* [Assignment]
In the records below, find the line that contains "intros k Hk; replace" and the line that contains "induction d as". Set down exactly those lines and every line between them, and nothing more.

* [Stored items]
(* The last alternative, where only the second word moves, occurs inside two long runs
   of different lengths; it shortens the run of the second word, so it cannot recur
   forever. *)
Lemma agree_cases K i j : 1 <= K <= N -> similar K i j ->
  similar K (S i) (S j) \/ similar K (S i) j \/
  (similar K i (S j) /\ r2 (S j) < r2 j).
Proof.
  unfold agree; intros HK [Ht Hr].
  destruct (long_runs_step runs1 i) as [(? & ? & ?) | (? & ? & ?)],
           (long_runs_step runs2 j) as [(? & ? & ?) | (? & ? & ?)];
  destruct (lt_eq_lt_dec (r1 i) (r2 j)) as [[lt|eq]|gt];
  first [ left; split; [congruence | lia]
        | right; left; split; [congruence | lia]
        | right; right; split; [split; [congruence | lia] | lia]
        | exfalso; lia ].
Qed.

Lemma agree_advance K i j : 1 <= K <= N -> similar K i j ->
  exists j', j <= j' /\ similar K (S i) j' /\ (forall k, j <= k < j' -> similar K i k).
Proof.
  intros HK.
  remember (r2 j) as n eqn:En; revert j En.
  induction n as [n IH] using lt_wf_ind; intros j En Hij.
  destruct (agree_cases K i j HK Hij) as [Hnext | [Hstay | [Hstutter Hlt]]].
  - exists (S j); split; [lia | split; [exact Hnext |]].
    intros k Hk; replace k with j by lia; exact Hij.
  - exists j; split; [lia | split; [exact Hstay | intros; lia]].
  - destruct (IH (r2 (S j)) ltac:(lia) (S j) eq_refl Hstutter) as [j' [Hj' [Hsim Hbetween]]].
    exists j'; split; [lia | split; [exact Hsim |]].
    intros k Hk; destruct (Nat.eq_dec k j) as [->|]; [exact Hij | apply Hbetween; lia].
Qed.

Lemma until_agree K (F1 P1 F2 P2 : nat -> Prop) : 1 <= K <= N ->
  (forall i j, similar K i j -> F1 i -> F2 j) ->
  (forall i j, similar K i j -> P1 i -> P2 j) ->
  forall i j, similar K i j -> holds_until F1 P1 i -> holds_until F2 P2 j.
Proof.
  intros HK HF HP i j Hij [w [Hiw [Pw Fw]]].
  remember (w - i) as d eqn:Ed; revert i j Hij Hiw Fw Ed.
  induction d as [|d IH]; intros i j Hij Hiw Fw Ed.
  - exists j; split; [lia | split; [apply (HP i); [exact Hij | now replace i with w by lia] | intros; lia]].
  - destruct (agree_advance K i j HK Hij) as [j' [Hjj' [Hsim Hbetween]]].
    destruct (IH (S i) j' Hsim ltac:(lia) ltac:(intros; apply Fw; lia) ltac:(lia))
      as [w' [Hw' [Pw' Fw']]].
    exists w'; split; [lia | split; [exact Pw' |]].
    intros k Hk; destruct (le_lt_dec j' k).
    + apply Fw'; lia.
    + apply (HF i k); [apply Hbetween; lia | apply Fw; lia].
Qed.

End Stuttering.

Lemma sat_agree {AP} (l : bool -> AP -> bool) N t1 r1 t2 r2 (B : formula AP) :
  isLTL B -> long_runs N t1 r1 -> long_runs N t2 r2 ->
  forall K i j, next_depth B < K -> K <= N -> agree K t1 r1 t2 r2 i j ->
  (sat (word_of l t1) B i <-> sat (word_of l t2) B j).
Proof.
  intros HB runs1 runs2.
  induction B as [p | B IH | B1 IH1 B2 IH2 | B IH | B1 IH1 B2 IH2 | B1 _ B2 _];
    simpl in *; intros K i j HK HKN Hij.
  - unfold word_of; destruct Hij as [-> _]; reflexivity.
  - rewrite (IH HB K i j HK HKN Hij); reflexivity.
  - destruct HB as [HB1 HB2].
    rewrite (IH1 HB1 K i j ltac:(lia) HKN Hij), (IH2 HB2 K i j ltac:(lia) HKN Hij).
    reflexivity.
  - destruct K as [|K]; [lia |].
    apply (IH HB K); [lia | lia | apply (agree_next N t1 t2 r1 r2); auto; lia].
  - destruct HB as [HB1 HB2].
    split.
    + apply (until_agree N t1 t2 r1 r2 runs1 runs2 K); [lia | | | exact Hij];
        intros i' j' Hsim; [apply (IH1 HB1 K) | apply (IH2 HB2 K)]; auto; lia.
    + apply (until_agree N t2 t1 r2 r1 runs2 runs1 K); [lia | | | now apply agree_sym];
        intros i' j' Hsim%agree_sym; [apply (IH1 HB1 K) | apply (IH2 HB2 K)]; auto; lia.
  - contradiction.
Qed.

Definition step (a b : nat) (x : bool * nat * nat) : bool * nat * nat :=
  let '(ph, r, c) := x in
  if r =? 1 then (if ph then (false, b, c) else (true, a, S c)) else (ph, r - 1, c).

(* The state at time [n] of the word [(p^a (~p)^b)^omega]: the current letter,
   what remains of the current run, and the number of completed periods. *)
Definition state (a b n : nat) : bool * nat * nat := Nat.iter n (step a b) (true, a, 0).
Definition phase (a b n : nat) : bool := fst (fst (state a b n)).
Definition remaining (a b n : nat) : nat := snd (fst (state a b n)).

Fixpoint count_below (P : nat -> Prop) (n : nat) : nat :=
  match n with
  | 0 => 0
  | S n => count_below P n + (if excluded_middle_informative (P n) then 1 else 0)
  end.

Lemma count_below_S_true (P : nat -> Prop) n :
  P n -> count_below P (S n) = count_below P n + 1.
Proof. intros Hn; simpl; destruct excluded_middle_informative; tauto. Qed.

* [Expected answer]
    intros k Hk; replace k with j by lia; exact Hij.
  - exists j; split; [lia | split; [exact Hstay | intros; lia]].
  - destruct (IH (r2 (S j)) ltac:(lia) (S j) eq_refl Hstutter) as [j' [Hj' [Hsim Hbetween]]].
    exists j'; split; [lia | split; [exact Hsim |]].
    intros k Hk; destruct (Nat.eq_dec k j) as [->|]; [exact Hij | apply Hbetween; lia].
Qed.

Lemma until_agree K (F1 P1 F2 P2 : nat -> Prop) : 1 <= K <= N ->
  (forall i j, similar K i j -> F1 i -> F2 j) ->
  (forall i j, similar K i j -> P1 i -> P2 j) ->
  forall i j, similar K i j -> holds_until F1 P1 i -> holds_until F2 P2 j.
Proof.
  intros HK HF HP i j Hij [w [Hiw [Pw Fw]]].
  remember (w - i) as d eqn:Ed; revert i j Hij Hiw Fw Ed.
  induction d as [|d IH]; intros i j Hij Hiw Fw Ed.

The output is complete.